Where are you on the Imitation Question?

Where are you on the Imitation Question?

What’s the Imitation Question? What is the one thing Paul teaches “everywhere in every church”? Paul teaches his own way of life, his “ways in Christ… everywhere in every church” (1 Cor 4:17). Thus, Jason Hood opens his excellent new book on imitation, Imitating God in Christ: Recapturing a Biblical Pattern.

But that leaves the question: Where you are on the Imitation Question? Jason Hood proposes three basic approaches to the idea that we are to imitate Christ. Or, How central is imitation of Christ to your understanding of the Christian life? And that means what does it mean to imitate Christ?

1. The Left: imitation means embracing the marginalized. Hood suggests this approach misses the gospel in its reduction of imitation to social justice or focusing on the marginalized. Is salvation at work in imitation or is it just an ethic?

2. The Middle: imitation is a more moralistic approach to discipleship and “be like Jesus” sermons and “WWJS” bracelets. Very little emphasis is found on salvation or the deeper perceptions of the gospel as shaping what imitation means.

3. The Right: imitation is something to be suspicious of. Largely overlooked. In fact, for some on the Right, imitation theology means being Catholic and absorbing Thomas a Kempis.
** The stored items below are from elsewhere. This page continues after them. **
Lemma bounded_cancellation : exists C, forall w i, reduced w ->
  size (apply f (take i w)) <= lcpn (apply f (take i w)) (apply f w) + C.
Proof.
(* Along the path k |-> (take k w) f, take the points i0 <= s and k > s where it
   enters and leaves the branch point of (take s w) f and w f.  These images are
   within 2L of each other, so k - i0, hence the distance from the branch point
   to (take s w) f, is bounded. *)
have [B HB] := preimage_size_bound f_inj (L + L).
exists (L + L * B) => w s Hw; set n := size w.
have [Hns|Hsn] := leqP n s; first by rewrite take_oversize // lcpnn leq_addr.
pose h k := apply f (take k w).
have h_reduced k : reduced (h k) by apply: apply_reduced.
have h_step k : dist (h k) (h k.+1) <= L := dist_apply_take_step f [::] w k.
have -> : apply f w = h n by rewrite /h take_size.
rewrite -/(h s).
set m := lcpn (h s) (h n).
have [Hsm|Hms] := leqP (size (h s)) m; first lia.
have Hss : lcpn (h s) (h s) = size (h s) by apply: lcpnn.
have [i0 [Hi0 Hi0m Hi0L]] :
    exists i0, [/\ i0 <= s, m <= lcpn (h i0) (h s) & size (h i0) <= m + L].
  have [->|Hm] := posnP m; first by exists 0; rewrite /h take0.
  have [k [/andP[_ Hk] Hkm HkL]] := @path_enter _ _ _ h_reduced h_step (h s) m 0 s
    (leq0n s) ltac:(by rewrite /h take0) ltac:(lia).
  by exists k.
have [k [/andP[Hsk Hkn] Hk]] := @path_leave _ _ _ h_reduced h_step (h s) m s n
  (ltnW Hsn) ltac:(lia) ltac:(by rewrite lcpnC).
have Hi0k : k - i0 <= B.
  have := Hk _ (h_reduced i0) Hi0m Hi0L; rewrite (dist_apply_take f [::] w); last lia.
  move/(HB _ (reduced_drop _ (reduced_take _ Hw))).
  by rewrite size_drop size_takel //; lia.
have Hi0s : dist (h i0) (h s) <= L * B.
  rewrite (dist_apply_take f [::] w) //; apply: leq_trans (size_apply _ _) _.
  by rewrite leq_mul // size_drop size_takel //; lia.
move: Hi0s; rewrite dist_lcpn //; have := lcpn_sizel (h i0) (h s); lia.
Qed.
Jason Hood moves in his book through three dimensions of imitation: We imitate God, we imitate Christ, and we imitate the saints. When the fulness of imitation is seen, the gospel — life, death, burial, resurrection, exaltation of Christ — is at the core of what imitation means. So for Hood “imitation… is an essential aspect of Christianity (in fact, it is an essential aspect of being human) that informs our sense of identity, shapes our disciple-making and teaches us about our destiny” (16).

Imitating God

It begins with our being image bearers (Eikons of God): we are called to rule or represent God in this world, and that means being God-like and God-ly, the temptation being to be God instead of God-like.  We are God-like, and imitators of God, in creativity, work, vocation, righteousness, participating in redemption of the world, generosity, in wisdom, in love … we are royalty.  We are also priests. This is about holiness and worship and purity and advocating before God.

We imitate God in participating in what God is doing on God’s behalf and for his glory. It is God’s mission but God has chosen to accomplish that mission through us, so we are part of God’s work as those who imitate God.